我在 Hono 上测试了 CodeGraph:工具调用次数的节省得以复现,但成本节省并未实现。
Two weeks ago CodeGraph hit GitHub trending — tree-sitter + SQLite/FTS5 + MCP for Claude Code, 19k+ stars in a week. The team published a benchmark on 7 repos showing 35% cheaper, 57% fewer tokens, 46% faster, 71% fewer tool calls vs. baseline. Those are big numbers. They’re also numbers from a benchmark designed by the team that built the tool, on repos they chose. Designer bias is the #1 risk in any retrieval benchmark — when you pick the test repos and write the ground truth, you’ll consciously or unconsciously favor your own tool’s strengths. 两周前,CodeGraph 登上了 GitHub 趋势榜——它结合了 tree-sitter、SQLite/FTS5 和用于 Claude Code 的 MCP,在一周内获得了超过 1.9 万颗星。该团队发布了一项针对 7 个代码库的基准测试,显示与基准方案相比,成本降低了 35%,Token 消耗减少了 57%,速度提升了 46%,工具调用次数减少了 71%。这些数字非常亮眼。但它们来自一个由工具开发团队自行设计、并由他们挑选代码库的基准测试。在任何检索基准测试中,“设计者偏见”都是首要风险——当你选择测试库并编写标准答案时,会有意或无意地偏向自己工具的优势。
So I ran an independent test on an 8th repo — Hono (TypeScript, ~280 source files, in neither CodeGraph’s published 7-repo suite nor any other published benchmark I could find). 5 architectural questions covering different retrieval shapes, with a deliberate control case (Q5) where the tool should not win. Two conditions (baseline grep+Read+Glob+Explore vs. CodeGraph active), 4 repeats per question per condition. 40 runs on Claude Opus 4.8 — and, critically, every CodeGraph run was verified to have connected, and actual codegraph_* tool usage was recorded per run (more on why that sentence exists below).

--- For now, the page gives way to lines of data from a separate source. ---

Definition transient S : R := ((S != set0) && (S != [set: V]))%:R.

Lemma fixated_ge0 S : 0 <= fixated S.
Proof. exact: ler0n. Qed.

Lemma fixated_le1 S : fixated S <= 1.
Proof. by rewrite /fixated lern1 leq_b1. Qed.

Lemma transient_ge0 S : 0 <= transient S.
Proof. exact: ler0n. Qed.

Lemma transient_le1 S : transient S <= 1.
Proof. by rewrite /transient lern1 leq_b1. Qed.

Lemma transient_le1_fixated S : transient S <= 1 - fixated S.
Proof.
by rewrite /transient /fixated; case: (S == _); case: (S == _); rewrite /= ?subrr ?subr0.
Qed.

Lemma fixated_setU_bounds A B : [set: V] != set0 -> A :&: B = set0 ->
  0 <= fixated (A :|: B) - fixated A - fixated B <= transient A.
Proof.
move=> setT_neq0 AB0; rewrite /fixated /transient.
have [AB_T|AB_nT] := eqVneq (A :|: B) [set: V]; last first.
  have [A_T|_] := eqVneq A [set: V]; first by rewrite A_T setTU eqxx in AB_nT.
  have [B_T|_] := eqVneq B [set: V]; first by rewrite B_T setUT eqxx in AB_nT.
  by rewrite /= mulr0n !subr0 lexx ler0n.
have [A_T|A_nT] := eqVneq A [set: V].
  have -> : B = set0 by rewrite -AB0 A_T setTI.
  by rewrite eq_sym (negbTE setT_neq0) /= andbF subrr subr0 lexx.
have [A0|A_n0] := eqVneq A set0.
  by move: AB_T; rewrite A0 set0U => ->; rewrite !eqxx /= mulr0n mulr1n subr0 subrr lexx.
have [B_T|_] := eqVneq B [set: V].
  by rewrite -AB0 B_T setIT eqxx in A_n0.
by rewrite /= mulr0n !subr0 lexx ler01.
Qed.

End Indicators.

Arguments fixated {R V} S.
Arguments transient {R V} S.

Section Connect.
Variables (T : finType) (e : rel T).

Lemma connect_crossing (S : {set T}) a b : connect e a b -> a \in S -> b \notin S ->
  exists u v, [/\ u \in S, v \notin S & e u v].
Proof.
case/connectP => p + ->; elim: p a => [|x p IH] a /=; first by move=> _ ->.
case/andP => eax ex_p aS; case xS: (x \in S); first exact: IH.
by exists a, x; rewrite xS.
Qed.

Lemma connect_edge_from a b u : e a b -> connect e u a -> exists v, e u v.
Proof.
move=> eab /connectP [[|y p] /=]; first by move=> _ <-; exists b.
by case/andP => euy _ _; exists y.
Qed.

Lemma connect_edge_to a b v : e a b -> connect e b v -> exists u, e u v.
Proof.
move=> eab /connectP [p]; case/lastP: p => [|p y] /=; first by move=> _ ->; exists a.
by rewrite rcons_path last_rcons => /andP [_ eyv] ->; exists (last b p).
Qed.

End Connect.

(* Without edges every denominator in [pair_prob] is 0, and [x / 0 = 0]. *)
Lemma fp_no_edge (R : realType) (V : finType) (w : V -> V -> R) r delta S :
  (forall u v, w u v = 0) -> fp w r delta S = 0.
Proof.
move=> w0; rewrite /fp; apply: cvg_lim => //; rewrite -cvg_shiftS /=.
apply: cvg_near_cst; near=> n; apply: big1 => S' _; rewrite /trans big1 ?mul0r // => u _.
by apply: big1 => v _; rewrite /pair_prob !w0 !(mulr0, mul0r, addr0).
Unshelve. all: by end_near.
Qed.

Section NeutralDrift.
Variables (R : realType) (V : finType) (w : V -> V -> R) (delta : R).
Hypotheses (w_ge0 : forall u v, 0 <= w u v) (delta_ge0 : 0 <= delta) (delta_le1 : delta <= 1).

Lemma out_weight_gt0 a b :
  strongly_connected w -> 0 < w a b -> forall u, 0 < \sum_y w u y.
Proof.
move=> w_sc ab_gt0 u; have [v uv_gt0] := connect_edge_from ab_gt0 (w_sc u a).
exact: sumr_gt0 (w_ge0 u) uv_gt0.
Qed.

Lemma in_weight_gt0 a b :
  strongly_connected w -> 0 < w a b -> forall v, 0 < \sum_x w x v.
Proof.
move=> w_sc ab_gt0 v; have [u uv_gt0] := connect_edge_to ab_gt0 (w_sc b v).
exact: sumr_gt0 (w_ge0^~ v) uv_gt0.
Qed.

Definition neutral_prob (u v : V) : R := pair_prob w 1 delta [set: V] u v.

Lemma fitness1 (S : {set V}) : fitness (1 : R) S = fun=> 1.
Proof. by apply: funext => u; rewrite /fitness if_same. Qed.

Lemma pair_prob_neutral S u v : pair_prob w 1 delta S u v = neutral_prob u v.
Proof. by rewrite /neutral_prob /pair_prob !fitness1. Qed.

Lemma neutral_probE u v : neutral_prob u v =
  (delta * (w u v / \sum_x w x v) + (1 - delta) * (w u v / \sum_y w u y)) / #|V|%:R.
Proof.
rewrite /neutral_prob /pair_prob fitness1 sumr_const !mul1r.
under eq_bigr do rewrite mul1r.
ring.
Qed.

Lemma neutral_prob_ge0 u v : 0 <= neutral_prob u v.
Proof.
by rewrite neutral_probE divr_ge0 // addr_ge0 // mulr_ge0 ?subr_ge0 ?divr_ge0 ?sumr_ge0.
Qed.

Lemma neutral_prob_gt0 u v : 0 < w u v -> 0 < neutral_prob u v.
Proof.
move=> uv_gt0.
have V_gt0 : 0 < #|V|%:R :> R by rewrite ltr0n; apply/card_gt0P; exists u.
have in_gt0 : 0 < w u v / \sum_x w x v by rewrite divr_gt0 // (sumr_gt0 (w_ge0^~ v) uv_gt0).
have out_gt0 : 0 < w u v / \sum_y w u y by rewrite divr_gt0 // (sumr_gt0 (w_ge0 u) uv_gt0).
rewrite neutral_probE divr_gt0 //.
move: delta_ge0; rewrite le_eqVlt => /predU1P [<- | delta_gt0].
  by rewrite mul0r add0r subr0 mul1r.
by apply: ltr_pwDl; [exact: mulr_gt0 | rewrite mulr_ge0 ?subr_ge0 // ltW].
Qed.

Lemma neutral_prob_sum1 : (0 < #|V|)%N ->
  (forall u, 0 < \sum_y w u y) -> (forall v, 0 < \sum_x w x v) ->
  \sum_u \sum_v neutral_prob u v = 1.
Proof.
move=> V_gt0 out_gt0 in_gt0.
have in1 v : \sum_u w u v / \sum_x w x v = 1 by rewrite -mulr_suml divff ?lt0r_neq0.
have out1 u : \sum_v w u v / \sum_y w u y = 1 by rewrite -mulr_suml divff ?lt0r_neq0.
under eq_bigr do under eq_bigr do rewrite neutral_probE.
under eq_bigr do rewrite -mulr_suml big_split /= -!mulr_sumr out1 mulr1.
rewrite -mulr_suml big_split /= -mulr_sumr exchange_big /=.
under eq_bigr do rewrite in1.
rewrite !sumr_const -(mulr_natr (1 - delta)) -mulrDl addrC subrK mul1r.
by rewrite divff // pnatr_eq0 -lt0n; exact: V_gt0.
Qed.

Local Notation evolve := (transn neutral_prob (@after V)).

Lemma allmut_atE n S : allmut_at w 1 delta n S = evolve n fixated S.
Proof.
elim: n S => //= n IH S; rewrite /trans.
under eq_bigr do rewrite IH mulr_suml.
rewrite exchange_big; apply: eq_bigr => u _.
under eq_bigr do rewrite mulr_suml.
rewrite exchange_big; apply: eq_bigr => v _.
rewrite (bigD1 (after S u v)) //= eqxx mulr1 pair_prob_neutral big1 ?addr0 // => S'.
by rewrite eq_sym => /negbTE ->; rewrite mulr0 mul0r.
Qed.

Lemma evolve_ge0 n f S : (forall T, 0 <= f T) -> 0 <= evolve n f S.
Proof. by move=> f_ge0; apply: transn_ge0 => //; exact: neutral_prob_ge0. Qed.

Lemma evolve_le n f g S : (forall T, f T <= g T) -> evolve n f S <= evolve n g S.
Proof. by move=> fg; apply: transn_le => //; exact: neutral_prob_ge0. Qed.

Section Fixation.
Hypotheses (w_sc : strongly_connected w) (neutral_sum1 : \sum_u \sum_v neutral_prob u v = 1).

Lemma setT_neq0 : [set: V] != set0.
Proof.
apply/negP => /eqP V0; move: neutral_sum1; rewrite big_pred0 => [/esym/eqP|u].
  by rewrite oner_eq0.
by rewrite -(in_setT u) V0 in_set0.
Qed.

Lemma evolve_fixated_gt0 k S : S != set0 -> (#|~: S| <= k)%N -> 0 < evolve k fixated S.
Proof.
elim: k S => [|k IH] S S_neq0 SC_le.
  move: SC_le; rewrite leqn0 cards_eq0 => /eqP SC0.
  by rewrite /= /fixated -[S]setCK SC0 setC0 eqxx ltr01.
have [->|S_neqT] := eqVneq S [set: V].
  by rewrite transn_stationary /fixated ?eqxx ?ltr01 // => u v; rewrite after_setT.
have [a aS] := set0Pn _ S_neq0.
rewrite -properT in S_neqT; have [_ [b _ bS]] := properP S_neqT.
have [u [v [uS vS uv_gt0]]] := connect_crossing (w_sc a b) aS bS.
have card_lt : (#|~: (v |: S)| < #|~: S|)%N.
  by rewrite proper_card // properC properE subsetUr subUset sub1set (negbTE vS).
have term_ge0 u' v' : 0 <= neutral_prob u' v' * evolve k fixated (after S u' v').
  by rewrite mulr_ge0 ?neutral_prob_ge0 ?evolve_ge0 //; exact: fixated_ge0.
apply: (sumr_gt0 (j := u)) => [u'|]; first by apply: sumr_ge0 => v' _.
apply: (sumr_gt0 (j := v)) => //; rewrite /after uS mulr_gt0 ?neutral_prob_gt0 // IH //.
- by apply/set0Pn; exists v; rewrite !inE eqxx.
- by rewrite -ltnS (leq_trans card_lt SC_le).
Qed.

因此,我在第 8 个代码库 Hono(TypeScript,约 280 个源文件,既不在 CodeGraph 已发布的 7 个库中,也不在其他任何我能找到的基准测试中)上进行了独立测试。我设计了 5 个涵盖不同检索形态的架构问题,并设置了一个刻意的对照组(Q5),在该场景下该工具本不应占优。测试分为两种条件(基准组:grep+Read+Glob+Explore vs. 实验组:启用 CodeGraph),每个问题在每种条件下重复 4 次。在 Claude Opus 4.8 上进行了 40 次运行——至关重要的是,我验证了每次 CodeGraph 的运行都已成功连接,并记录了每次运行中实际的 codegraph_* 工具使用情况(下文会解释为什么会有这句话)。

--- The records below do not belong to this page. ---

Theorem lemma3p4 (Lx Ly c1hat C2hat : R) (F : R -> R)
  (p eps rho gamma C : R) :
  0 < Lx -> 0 < Ly -> 0 < c1hat -> c1hat <= C2hat ->
  2 < p -> assumption_P F p ->
  0 < eps < 2 -> 0 < rho ->
  gamma < 1 -> 2 / p + eps / 2 + rho / (2 * p) <= gamma ->
  0 < C ->
  exists Cosc : R, 0 < Cosc /\
    forall (h : R) (Nx Ny : nat) (u : nat -> nat -> R),
      0 < h < 1 ->
      (0 < Nx)%nat -> (0 < Ny)%nat ->
      c1hat * h <= hx Lx Nx <= C2hat * h ->
      c1hat * h <= hy Ly Ny <= C2hat * h ->
      (forall i j, (i < Nx)%nat -> (j < Ny)%nat -> 0 < u i j) ->
      energy Lx Ly Nx Ny F eps h u <= C * Rpower h (- (rho / (2 + p))) ->
      forall i j ih jh : nat,
        (i < Nx)%nat -> (j < Ny)%nat ->
        (ih = prev Nx i \/ ih = i \/ ih = next Nx i) ->
        (jh = prev Ny j \/ jh = j \/ jh = next Ny j) ->
        u i j / u ih jh <= Cosc.
Proof.
  intros HLx HLy Ha Hab Hp HP Heps Hrho Hg1 Hg HC.
  destruct HP as [_ (c1 & ? & ? & ? & ? & Hc1 & _ & _ & _ & _ & HF)].
  set (q := rho / (2 + p)).
  assert (Hexp : 2 * (2 + q) / p <= 2 - eps - q).
  { assert (2 * (2 + q) / p + q = 2 * (2 / p + rho / (2 * p))) by (unfold q; field; lra).
    lra. }
  exists (neighbor_ratio_bound c1hat C2hat c1 C p ^ 2). split.
  - pose proof (neighbor_ratio_bound_ge1 c1hat C2hat c1 C p Ha). nra.
  - intros h Nx Ny u Hh HNx HNy Hhx Hhy Hu HE i j ih jh Hi Hj Hih Hjh.
    assert (Hpos : 0 < u ih jh) by (apply Hu; eapply adjacent_lt; eassumption).
    apply Rmult_le_reg_r with (u ih jh); [exact Hpos |].
    unfold Rdiv. rewrite Rmult_assoc, Rinv_l, Rmult_1_r by lra.
    apply (node_le_adjacent Lx Ly Nx Ny F eps h u c1hat C2hat c1 C p q); try assumption; try lra.
    exact (fun x Hx => proj1 (HF x Hx)).
Qed.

The result splits in a way the single published headline number hides — and the split is the useful part. tl;dr — On Hono, CodeGraph delivers a large, consistent reduction in tool calls (-55%, 14.0 → 6.3 avg) and a smaller latency win (-20%) — the published 7-repo direction reproduces here. But cost is a wash: +6.8%, not the published −35%. On narrow-scope questions (route lookup, middleware trace) CodeGraph is actually 20-43% more expensive, because each structural lookup loads a big chunk of graph context that costs more in cached tokens than the grep round-trips it replaces. 测试结果呈现出的分歧,被单一的发布标题所掩盖,而这种分歧恰恰是该测试最有价值的部分。简而言之:在 Hono 上,CodeGraph 确实带来了工具调用次数的大幅且持续的减少(-55%,从平均 14.0 次降至 6.3 次),以及较小的延迟优化(-20%)——这印证了此前 7 个代码库基准测试的趋势。但成本方面却持平:增加了 6.8%,而非官方宣称的降低 35%。在范围较窄的问题(如路由查找、中间件追踪)上,CodeGraph 的成本实际上高出了 20-43%,因为每次结构化查找都会加载一大块图上下文,其缓存 Token 的成本比它所替代的 grep 往返调用更高。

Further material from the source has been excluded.